Systematic Review Registration: PROSPERO CRD42019129650.

5.
Egg Consumption and Blood Lipid Parameters According to the Presence of Chronic Metabolic Disorders: The EVIDENT II Study.

Mesas AE, Garrido-Miguel M, Fernández-Rodríguez R, et al.

The Journal of Clinical Endocrinology and Metabolism. 2022;107(3):e963-e972. doi:10.1210/clinem/dgab802.

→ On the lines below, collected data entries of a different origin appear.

(* Let $V=K[y_1,\dots,y_s]$ be a polynomial ring over a field $K$, bigraded by $\operatorname{bideg}(y_i)=(d_i,1)$ with integers $d_i\ge1$, and let $M$ be a finitely generated bigraded $V$-module. For each $k$ with $M_{( *,k)}:=\bigoplus_d M_{(d,k)}\neq0$ put $\alpha_M(k)=\min\{d:M_{(d,k)}\neq0\}$ and $\omega_M(k)=\max\{d:M_{(d,k)}\neq0\}$. Then either $M_{( *,k)}=0$ for all $k\gg0$, or there exist integers $a,b,c,e$ such that $\alpha_M(k)=ak+b$ and $\omega_M(k)=ck+e$ for all $k\gg0$. *)

From HB Require Import structures.
From mathcomp Require Import all_boot all_order all_algebra.
Set Implicit Arguments. Unset Strict Implicit. Unset Printing Implicit Defensive.
Import Order.TTheory GRing.Theory Num.Theory.
Local Open Scope ring_scope.

(* A module over V = K[y_1,...,y_s] is encoded (as usual) by a K-vector space
   M together with s pairwise commuting K-linear endomorphisms Y i
   (the action of the variable y_i; indices i : 'I_s). *)
Definition poly_module_action (K : fieldType) (M : lmodType K) (s : nat)
    (Y : 'I_s -> M -> M) : Prop :=
  (forall i (a : K) (x y : M), Y i (a *: x + y) = a *: Y i x + Y i y) /\
  (forall i j (x : M), Y i (Y j x) = Y j (Y i x)).

(* G d k is the homogeneous component M_(d,k) (as a predicate on M). *)
Definition bigraded_module (K : fieldType) (M : lmodType K) (s : nat)
    (deg : 'I_s -> nat) (Y : 'I_s -> M -> M) (G : int -> int -> M -> Prop) : Prop :=
  poly_module_action Y /\
  (forall d k, G d k 0) /\
  (forall d k (a : K) (x y : M), G d k x -> G d k y -> G d k (a *: x + y)) /\
  (forall m : M, exists (ds : seq (int * int)) (xs : int * int -> M),
      (forall p, p \in ds -> G p.1 p.2 (xs p)) /\ m = \sum_(p <- ds) xs p) /\
  (forall (ds : seq (int * int)) (xs : int * int -> M),
      uniq ds -> (forall p, p \in ds -> G p.1 p.2 (xs p)) ->
      \sum_(p <- ds) xs p = 0 -> forall p, p \in ds -> xs p = 0) /\
  (forall i d k (x : M), G d k x -> G (d + (deg i)%:Z) (k + 1) (Y i x)).

Inductive generated_by (K : fieldType) (M : lmodType K) (s : nat)
    (Y : 'I_s -> M -> M) (gens : seq M) : M -> Prop :=
  | gen_in x : x \in gens -> generated_by Y gens x
  | gen_zero : generated_by Y gens 0
  | gen_add x y : generated_by Y gens x -> generated_by Y gens y ->
      generated_by Y gens (x + y)
  | gen_scale (a : K) x : generated_by Y gens x -> generated_by Y gens (a *: x)
  | gen_act i x : generated_by Y gens x -> generated_by Y gens (Y i x).

Definition finitely_generated (K : fieldType) (M : lmodType K) (s : nat)
    (Y : 'I_s -> M -> M) : Prop :=
  exists gens : seq M, forall m : M, generated_by Y gens m.

Definition comp_nz (K : fieldType) (M : lmodType K) (G : int -> int -> M -> Prop)
    (d k : int) : Prop :=
  exists m : M, G d k m /\ m <> 0.

Definition is_alpha (K : fieldType) (M : lmodType K) (G : int -> int -> M -> Prop)
    (k a : int) : Prop :=
  comp_nz G a k /\ forall d, comp_nz G d k -> a <= d.

Definition is_omega (K : fieldType) (M : lmodType K) (G : int -> int -> M -> Prop)
    (k w : int) : Prop :=
  comp_nz G w k /\ forall d, comp_nz G d k -> d <= w.

(* Choose finitely many homogeneous generators g.  Every nonzero component
   M_(d,k) contains a nonzero y_w g of bidegree bideg(g) + bideg(y_w).  A
   variable y_i either acts nilpotently on g (then y_i^B g = 0 for a uniform B)
   or does not.  Hence for k beyond a threshold every such monomial contains a
   variable acting non-nilpotently on its generator; if there is none, M
   vanishes in large second degree.  Otherwise, with c (resp. a) the largest
   (resp. smallest) degree of such a variable, omega_M(k) - c k (resp.
   alpha_M(k) - a k) is bounded, attained along a ray y_i^n g, and monotone in
   k, hence eventually constant. *)

From Stdlib Require Import Classical.
From HB Require Import structures.
From mathcomp Require Import all_boot all_order all_algebra zify.
Set Implicit Arguments. Unset Strict Implicit. Unset Printing Implicit Defensive.
Import Order.TTheory GRing.Theory Num.Theory.
Local Open Scope ring_scope.

Lemma int_max_ex (P : int -> Prop) (U : int) :
  (exists x, P x) -> (forall x, P x -> x <= U) ->
  exists x, P x /\ forall y, P y -> y <= x.
Proof.
move=> [x0 Px0] le_U.
suff: forall n : nat, forall x, P x -> U - x <= n%:Z ->
    exists x, P x /\ forall y, P y -> y <= x.
  by move=> /(_ `|U - x0|%N x0 Px0); apply; have := le_U _ Px0; lia.
elim=> [|n IHn] x Px gap.
  by exists x; split=> // y /le_U; lia.
case: (classic (exists y, P y /\ x < y)) => [[y [Py lt_xy]]|no_larger].
  by apply: (IHn y Py); lia.
exists x; split=> // y Py; case: (lerP y x) => // lt_xy.
by case: no_larger; exists y.
Qed.

Lemma int_min_ex (P : int -> Prop) (L : int) :
  (exists x, P x) -> (forall x, P x -> L <= x) ->
  exists x, P x /\ forall y, P y -> x <= y.
Proof.
move=> [x0 Px0] ge_L.
have [|y Py|x [Px x_max]] := @int_max_ex (fun x => P (- x)) (- L).
- by exists (- x0); rewrite opprK.
- by have := ge_L _ Py; lia.
by exists (- x); split=> // y Py; have := x_max (- y); rewrite opprK => /(_ Py); lia.
Qed.

Lemma int_bound_seq (T : eqType) (X : seq T) (f : T -> int) :
  exists u, forall x, x \in X -> f x <= u.
Proof.
elim: X => [|x X [u le_u]]; first by exists 0.
exists (Num.max (f x) u) => y; rewrite in_cons => /orP[/eqP ->|yX].
  by rewrite le_max lexx.
by rewrite le_max le_u ?orbT.
Qed.

Lemma uniform_bound_seq (T : eqType) (X : seq T) (P : T -> nat -> Prop) :
  (forall x N N', (N <= N')%N -> P x N -> P x N') ->
  (forall x, x \in X -> exists N, P x N) -> exists N, forall x, x \in X -> P x N.
Proof.
move=> P_mono; elim: X => [|x X IHX] P_ex; first by exists 0%N.
have [N1 PN1] := P_ex x (mem_head _ _).
have [|N2 PN2] := IHX; first by move=> y yX; apply: P_ex; rewrite in_cons yX orbT.
exists (maxn N1 N2) => y; rewrite in_cons => /orP[/eqP ->|yX].
  exact: P_mono (leq_maxl _ _) PN1.
exact: P_mono (leq_maxr _ _) (PN2 _ yX).
Qed.

Lemma nonincreasing_eventually_constant (F : int -> int -> Prop) (L k1 : int) :
  (forall k, k1 <= k -> exists v, F k v) ->
  (forall k v, k1 <= k -> F k v -> L <= v) ->
  (forall k v v', k1 <= k -> F k v -> F (k + 1) v' -> v' <= v) ->
  exists v k0, forall k, k0 <= k -> F k v.
Proof.
move=> F_ex F_low F_mono.
pose attained v := exists2 k, k1 <= k & F k v.
have [|v [k kk Fv]|vm [[k2 k12 Fvm] vm_min]] := @int_min_ex attained L.
- by have [v Fv] := F_ex k1 (lexx _); exists v, k1.
- exact: F_low kk Fv.
have stable n : forall v, F (k2 + n%:Z + 1) v -> v = vm.
  have attained_after v m : F (k2 + m%:Z + 1) v -> attained v.
    by move=> Fv; exists (k2 + m%:Z + 1) => //; lia.
  elim: n => [|n IHn] v Fv; apply/eqP;
    rewrite eq_le (vm_min v (attained_after _ _ Fv)) andbT.
    by apply: (F_mono k2) => //; rewrite -[k2]addr0.
  have [|u Fu] := F_ex (k2 + n%:Z + 1); first lia.
  rewrite -(IHn u Fu); apply: (F_mono _ _ _ _ Fu); first lia.
  by have <- : k2 + n.+1%:Z + 1 = k2 + n%:Z + 1 + 1 by lia.
exists vm, (k2 + 1) => k kk.
have [|u Fu] := F_ex k; first lia.
have Ek : k = k2 + (absz (k - k2 - 1)%R)%:Z + 1 by lia.
by rewrite -(stable (absz (k - k2 - 1)%R) u) // -Ek.
Qed.

Lemma eventually_linear_max (S : int -> int -> Prop) (c C0 C1 k1 : int) :
  (forall k d, k1 <= k -> S k d -> d <= c * k + C1) ->
  (forall k, k1 <= k -> S k (c * k + C0)) ->
  (forall k d, k1 <= k -> S (k + 1) d -> exists2 d', S k d' & d <= d' + c) ->
  exists e k0, forall k, k0 <= k ->
    S k (c * k + e) /\ forall d, S k d -> d <= c * k + e.
Proof.
move=> upper witness step.
have recentre k d : c * k + (d - c * k) = d by rewrite [c * k + _]addrC addrNK.
pose is_max_offset k v :=
  S k (c * k + v) /\ forall v', S k (c * k + v') -> v' <= v.
have [||| e [k0 max_e]] :=
    @nonincreasing_eventually_constant is_max_offset C0 k1.
- move=> k kk; apply: (@int_max_ex _ C1); first by exists C0; exact: witness.
  by move=> v /(upper _ _ kk); lia.
- by move=> k v kk [_ v_max]; apply: v_max; exact: witness.
- move=> k v v' kk [_ v_max] [Sv' _].
  have [d' Sd' le_d'] := step _ _ kk Sv'.
  have := v_max (d' - c * k); rewrite recentre => /(_ Sd').
  by move: le_d'; rewrite mulrDr mulr1; lia.
exists e, k0 => k kk; have [Se e_max] := max_e k kk; split=> // d Sd.
by have := e_max (d - c * k); rewrite recentre => /(_ Sd); lia.
Qed.

Lemma eventually_linear_min (S : int -> int -> Prop) (a C0 C1 k1 : int) :
  (forall k d, k1 <= k -> S k d -> a * k + C1 <= d) ->
  (forall k, k1 <= k -> S k (a * k + C0)) ->
  (forall k d, k1 <= k -> S (k + 1) d -> exists2 d', S k d' & d' + a <= d) ->
  exists e k0, forall k, k0 <= k ->
    S k (a * k + e) /\ forall d, S k d -> a * k + e <= d.
Proof.
move=> lower witness step.
have [||| e [k0 max_e]] :=
    @eventually_linear_max (fun k d => S k (- d)) (- a) (- C0) (- C1) k1.
- by move=> k d kk /(lower _ _ kk); rewrite mulNr; lia.
- by move=> k kk; rewrite mulNr -opprD opprK; exact: witness.
- move=> k d kk /(step _ _ kk) [d' Sd' le_d'].
  by exists (- d'); [rewrite opprK | lia].
exists (- e), k0 => k kk; have [Se e_max] := max_e k kk.
split; first by move: Se; rewrite mulNr opprD opprK.
by move=> d Sd; have := e_max (- d); rewrite opprK mulNr => /(_ Sd); lia.
Qed.

Lemma sum_pred1_uniq (T : eqType) (V : nmodType) (r : seq T) (x : T) (v : V) :
  uniq r -> x \in r -> \sum_(p <- r) (if x == p then v else 0) = v.
Proof.
move=> r_uniq xr; rewrite (bigD1_seq x) //= eqxx big1 ?addr0 // => p.
by rewrite eq_sym => /negbTE ->.
Qed.

Lemma sum_partition_seq (T X : eqType) (V : nmodType) (l : seq T) (f : T -> X)
    (ds : seq X) (F : T -> V) :
  uniq ds -> (forall t, t \in l -> f t \in ds) ->
  \sum_(p <- ds) \sum_(t <- l | f t == p) F t = \sum_(t <- l) F t.
Proof.
move=> ds_uniq l_ds; rewrite (exchange_big_dep xpredT) //=.
rewrite big_seq [RHS]big_seq; apply: eq_bigr => t tl.
by rewrite big_mkcond /= sum_pred1_uniq ?l_ds.
Qed.

Lemma sum_count_mem (T : finType) (F : T -> nat) (w : seq T) :
  (\sum_(j <- w) F j = \sum_(i : T) count_mem i w * F i)%N.
Proof.
elim: w => [|x w IHw]; first by rewrite big_nil big1.
rewrite big_cons IHw /=; under [RHS]eq_bigr do rewrite mulnDl.
rewrite big_split /=; congr (_ + _)%N.
rewrite (bigD1 x) //= eqxx mul1n big1 ?addn0 // => i /negbTE.
by rewrite eq_sym => ->.
Qed.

Context: Egg consumption is one of the main dietary sources of cholesterol, but whether individuals who eat more eggs have a worse blood lipid profile remains controversial.

Objective: We examined the relationship between egg consumption and lipid parameters and explored whether this relationship changes according to the presence of chronic metabolic disorders.

Methods: A multicenter cross-sectional study was conducted with adult participants in the EVIDENT II trial. Adjusted linear regression models were stratified by the main chronic metabolic disorders.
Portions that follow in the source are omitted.